The RFE is the most liberal of all the feature selection algorithms so far. It found the best performance using linear regression on a subset of features selected based on the number of features desired was with 11/13 features. Now let's fit the regression model with the number of features suggested and find out which features were selected.

In [None]:
cols = list(X.columns)
model = LinearRegression()

#Initializing RFE model
rfe = RFE(model, 10)

#Transforming data using RFE
X_rfe = rfe.fit_transform(X,y)

#Fitting the data to model
model.fit(X_rfe,y)              
was_selected_array = pd.Series(rfe.support_, index = cols)
selected_features_rfe = temp[temp==True].index
print(selected_features_rfe)

### Embedded Methods

This group of algorithms uses regularization methods to select features during training.
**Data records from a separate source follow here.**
Lemma batch_play_length (p q : nat) (D : nat -> R -> Prop) : valid_play Batch p q D ->
  forall n, exists l, (length l + 2 <= 2 ^ S n)%nat /\ forall x, D n x -> In x l.
Proof.
  intros [H0 Hstep] n; induction n as [|n [l [Hl Hin]]].
  - exists nil; split; [simpl; lia|]; intros x Hx; destruct (H0 x Hx).
  - destruct (Hstep n) as [h [C [_ [HC HD]]]].
    set (l' := E_pt p n :: l); exists (l' ++ map (fun c => tmod (c + h)) l'); split.
    + rewrite length_app, length_map; simpl in *; lia.
    + intros x Hx; apply in_or_app; apply HD in Hx.
      destruct Hx as [Hx | [-> | [c [Hc ->]]]]; [left; right; auto | left; left; auto|].
      right; apply (in_map (fun c => tmod (c + h))).
      destruct (HC c Hc) as [Hc' | ->]; [right | left]; auto.
Qed.

Lemma is_N_orbit_exists (mv : move_type) (eps : R) (p q n : nat) :
  (exists D, valid_play mv p q D /\ covered eps p (D n)) ->
  exists N, is_N_orbit mv eps p q N /\ (N <= n)%nat.
Proof.
  intros Hn.
  destruct (dec_inh_nat_subset_has_unique_least_element
              (fun m => exists D, valid_play mv p q D /\ covered eps p (D m))
              (fun m => classic _) (ex_intro _ n Hn)) as [N [[HN Hleast] _]].
  exists N; repeat split; auto.
  intros D m HD Hcov; apply Hleast; eauto.
Qed.

Lemma increasing_family_mono (D : nat -> R -> Prop) :
  (forall n x, D n x -> D (S n) x) -> forall n m x, (n <= m)%nat -> D n x -> D m x.
Proof. intros Hincr n m x Hnm; induction Hnm; auto. Qed.

Fixpoint full_play (p n : nat) : R -> Prop :=
  match n with
  | O => fun _ => False
  | S n => fun x => exists y h,
      (full_play p n y \/ y = E_pt p n) /\ H_train p h /\ x = tmod (y + h)
  end.

Lemma full_play_valid (p : nat) : valid_play Full p p (full_play p).
Proof. split; [intros x Hx; exact Hx | intros n x; reflexivity]. Qed.

Lemma full_play_covered (eps : R) (p : nat) : (0 < p)%nat -> 0 < eps ->
  covered eps p (full_play p 1).
Proof.
  intros Hp Heps; apply covered_of_grid; [exact Heps|]; intros k Hk.
  exists (E_pt p 0), (grid_pt p k); split; [now right|].
  split; [apply H_train_grid_pt; exact Hp|].
  symmetry; apply (grid_pt_add p 0 k Hp).
Qed.

(* Round [n] adds [n/p] and, translating it by [(p-1-2n)/p], its mirror image
   [(p-1-n)/p]; once [2n+1 > p] the truncated shift is [0] and nothing new is added. *)
Fixpoint mirror_play (p n : nat) : R -> Prop :=
  match n with
  | O => fun _ => False
  | S n => fun x => mirror_play p n x \/ x = E_pt p n \/
      x = tmod (E_pt p n + grid_pt p (p - 1 - 2 * n))
  end.

Lemma mirror_play_valid (p : nat) : (0 < p)%nat -> valid_play Single p p (mirror_play p).
Proof.
  intros Hp; split; [intros x Hx; exact Hx|]; intros n.
  exists (grid_pt p (p - 1 - 2 * n)), (E_pt p n).
  split; [apply H_train_grid_pt; exact Hp|]; split; [now right | reflexivity].
Qed.

Lemma half_up_bounds (p : nat) : (p <= 2 * ((p + 1) / 2) <= p + 1)%nat.
Proof.
  pose proof (Nat.div_mod_eq (p + 1) 2); pose proof (Nat.mod_upper_bound (p + 1) 2).
  lia.
Qed.

Lemma mirror_play_covered (eps : R) (p : nat) : (0 < p)%nat -> 0 < eps ->
  covered eps p (mirror_play p ((p + 1) / 2)).
Proof.
  intros Hp Heps; apply covered_of_grid; [exact Heps|]; intros k Hk.
  pose proof (half_up_bounds p).
  assert (Hmono := increasing_family_mono (mirror_play p) (fun n x Hx => or_introl Hx)).
  destruct (Nat.lt_ge_cases k ((p + 1) / 2)) as [Hlow | Hhigh].
  - apply (Hmono (S k)); [lia|]; simpl; right; left; reflexivity.
  - set (n := (p - 1 - k)%nat).
    apply (Hmono (S n)); [lia|]; simpl; right; right.
    unfold E_pt; fold (grid_pt p n); rewrite grid_pt_add by exact Hp.
    f_equal; lia.
Qed.

Fixpoint doubling_play (p n : nat) : R -> Prop :=
  match n with
  | O => fun _ => False
  | S n => fun x => doubling_play p n x \/ x = E_pt p n \/
      exists c, (doubling_play p n c \/ c = E_pt p n) /\ x = tmod (c + grid_pt p (2 ^ n))
  end.

Lemma doubling_play_valid (p : nat) : (0 < p)%nat -> valid_play Batch p p (doubling_play p).
Proof.
  intros Hp; split; [intros x Hx; exact Hx|]; intros n.
  exists (grid_pt p (2 ^ n)), (fun c => doubling_play p n c \/ c = E_pt p n).
  split; [apply H_train_grid_pt; exact Hp|]; split; [now auto | reflexivity].
Qed.

Lemma doubling_play_spec (p n k : nat) : (0 < p)%nat -> (k < 2 ^ n)%nat ->
  doubling_play p n (grid_pt p k) \/ grid_pt p k = E_pt p n.
Proof.
  intros Hp; revert k; induction n as [|n IH]; intros k Hk.
  - right; simpl in Hk; replace k with 0%nat by lia; reflexivity.
  - left; simpl in Hk |- *.
    destruct (Nat.lt_ge_cases k (2 ^ n)) as [Hlow | Hhigh].
    + destruct (IH k Hlow) as [HD | ->]; auto.
    + right; right; exists (grid_pt p (k - 2 ^ n)); split; [apply IH; lia|].
      rewrite grid_pt_add by exact Hp; f_equal; lia.
Qed.

Lemma doubling_play_covered (eps : R) (p : nat) : (0 < p)%nat -> 0 < eps ->
  covered eps p (doubling_play p (S (S (Nat.log2 p)))).
Proof.
  intros Hp Heps; apply covered_of_grid; [exact Heps|]; intros k Hk.
  pose proof (Nat.log2_spec p Hp).
  destruct (doubling_play_spec p (S (Nat.log2 p)) k Hp ltac:(lia)) as [HD | ->];
    simpl; auto.
Qed.

Lemma ln_INR_le (a b : nat) : (0 < a)%nat -> (a <= b)%nat -> ln (INR a) <= ln (INR b).
Proof.
  intros Ha Hab; apply le_INR in Hab; destruct Hab as [Hlt | ->]; [|right; reflexivity].
  left; apply ln_increasing; [apply lt_0_INR; exact Ha | exact Hlt].
Qed.

Lemma ln_INR_pow2 (k : nat) : ln (INR (2 ^ k)) = INR k * ln 2.
Proof. rewrite pow_INR, ln_pow; [reflexivity | simpl; lra]. Qed.

Lemma ln2_lt_1 : ln 2 < 1.
Proof.
  rewrite <- ln_exp; apply ln_increasing; [lra|].
  pose proof (exp_ineq1 1 ltac:(lra)); lra.
Qed.

Lemma ln3_ge_1 : 1 <= ln 3.
Proof.
  rewrite <- (ln_exp 1); destruct exp_le_3 as [Hlt | Heq]; [|rewrite Heq; right; reflexivity].
  left; apply ln_increasing; [apply exp_pos | exact Hlt].
Qed.

Lemma Theta_ln_of_pow2_bounds (p N : nat) : (3 <= p)%nat -> (1 <= N)%nat ->
  (p <= 2 ^ S N)%nat -> (N <= S (S (Nat.log2 p)))%nat ->
  / 2 * ln (INR p) <= INR N <= 4 * ln (INR p).
Proof.
  intros Hp HN Hup Hlow.
  pose proof (Nat.log2_spec p ltac:(lia)) as [Hlog _].
  assert (Hln_up : ln (INR p) <= INR (S N) * ln 2)
    by (rewrite <- ln_INR_pow2; apply ln_INR_le; lia).
  assert (Hln_low : INR (Nat.log2 p) * ln 2 <= ln (INR p))
    by (rewrite <- ln_INR_pow2; apply ln_INR_le;
        [pose proof (Nat.pow_nonzero 2 (Nat.log2 p)); lia | exact Hlog]).
  assert (Hln3 : 1 <= ln (INR p))
    by (pose proof ln3_ge_1; pose proof (ln_INR_le 3 p ltac:(lia) Hp) as H3;
        replace (INR 3) with 3 in H3 by (simpl; lra); lra).
  pose proof ln_lt_2; pose proof ln2_lt_1.
  apply le_INR in HN, Hlow; rewrite !S_INR in *; simpl in HN.
  pose proof (pos_INR (Nat.log2 p)).
  split; nra.
Qed.

Lemma N_orbit_full (p : nat) (eps : R) : (3 <= p)%nat -> 0 < eps <= eps_star p p ->
  is_N_orbit Full eps p p 1%nat.
Proof.
  intros Hp [Heps _]; split.
  - exists (full_play p); split; [apply full_play_valid | apply full_play_covered; lia || lra].
  - intros D n [H0 _] Hcov; destruct n; [|lia].
    exfalso; exact (empty_not_covered eps p (D 0%nat) ltac:(lia) H0 Hcov).
Qed.

Lemma eps_star_diag (p : nat) : eps_star p p = 1 / INR p.
Proof. unfold eps_star; rewrite Nat.lcm_diag; reflexivity. Qed.

Lemma N_orbit_single (p : nat) (eps : R) : (3 <= p)%nat -> 0 < eps <= eps_star p p ->
  is_N_orbit Single eps p p ((p + 1) / 2)%nat.
Proof.
  intros Hp [Heps Heps']; rewrite eps_star_diag in Heps'; split.
  - exists (mirror_play p); split; [apply mirror_play_valid | apply mirror_play_covered];
      lia || lra.
  - intros D n Hplay Hcov.
    destruct (single_play_length p p D Hplay n) as [l [Hl Hin]].
    pose proof (covered_grid_length eps p (D n) l ltac:(lia) Heps'
                  (valid_play_on_grid Single p D ltac:(lia) Hplay n) Hin Hcov).
    pose proof (half_up_bounds p); lia.
Qed.

Lemma N_orbit_batch (p : nat) (eps : R) : (3 <= p)%nat -> 0 < eps <= eps_star p p ->
  exists N, is_N_orbit Batch eps p p N /\ / 2 * ln (INR p) <= INR N <= 4 * ln (INR p).
Proof.
  intros Hp [Heps Heps']; rewrite eps_star_diag in Heps'.
  destruct (is_N_orbit_exists Batch eps p p (S (S (Nat.log2 p)))) as [N [HN Hle]].
  { exists (doubling_play p); split;
      [apply doubling_play_valid | apply doubling_play_covered]; lia || lra. }
  exists N; split; [exact HN|].
  destruct HN as [[D [Hplay Hcov]] _].
  destruct (batch_play_length p p D Hplay N) as [l [Hl Hin]].
  pose proof (covered_grid_length eps p (D N) l ltac:(lia) Heps'
                (valid_play_on_grid Batch p D ltac:(lia) Hplay N) Hin Hcov).
  assert (HN1 : (1 <= N)%nat) by (destruct N; simpl in Hl; lia).
  apply Theta_ln_of_pow2_bounds; lia.
Qed.

Theorem mainTheorem6 :
  (forall (p : nat) (eps : R), (3 <= p)%nat -> 0 < eps <= eps_star p p ->
     is_N_orbit Full eps p p 1%nat) /\
  (exists c1 c2 : R, 0 < c1 /\ 0 < c2 /\
     forall (p : nat) (eps : R), (3 <= p)%nat -> 0 < eps <= eps_star p p ->
       exists N : nat, is_N_orbit Batch eps p p N /\
         c1 * ln (INR p) <= INR N <= c2 * ln (INR p)) /\
  (forall (p : nat) (eps : R), (3 <= p)%nat -> 0 < eps <= eps_star p p ->
     is_N_orbit Single eps p p ((p + 1) / 2)%nat).
Proof.
  split; [exact N_orbit_full|].
  split; [|exact N_orbit_single].
  exists (/ 2), 4; split; [lra|]; split; [lra|].
  exact N_orbit_batch.
Qed.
We'll try with the Ridge regularization.

In [None]:
reg = RidgeCV()
reg.fit(X, y)
print("Best alpha using built-in RidgeCV: %f" % reg.alpha_)
print("Best score using built-in RidgeCV: %f" %reg.score(X,y))
coef = pd.Series(reg.coef_, index = X.columns)

In [None]:
print("Lasso picked " + str(sum(coef != 0)) + " variables and eliminated the other " +  str(sum(coef == 0)) + " variables")

In [None]:
imp_coef = coef.sort_values()
import matplotlib
matplotlib.rcParams['figure.figsize'] = (8.0, 10.0)
imp_coef.plot(kind = "barh")
plt.title("Feature importance using Ridge Model")

Well children, we regularized Rich Evans' heart. We done good.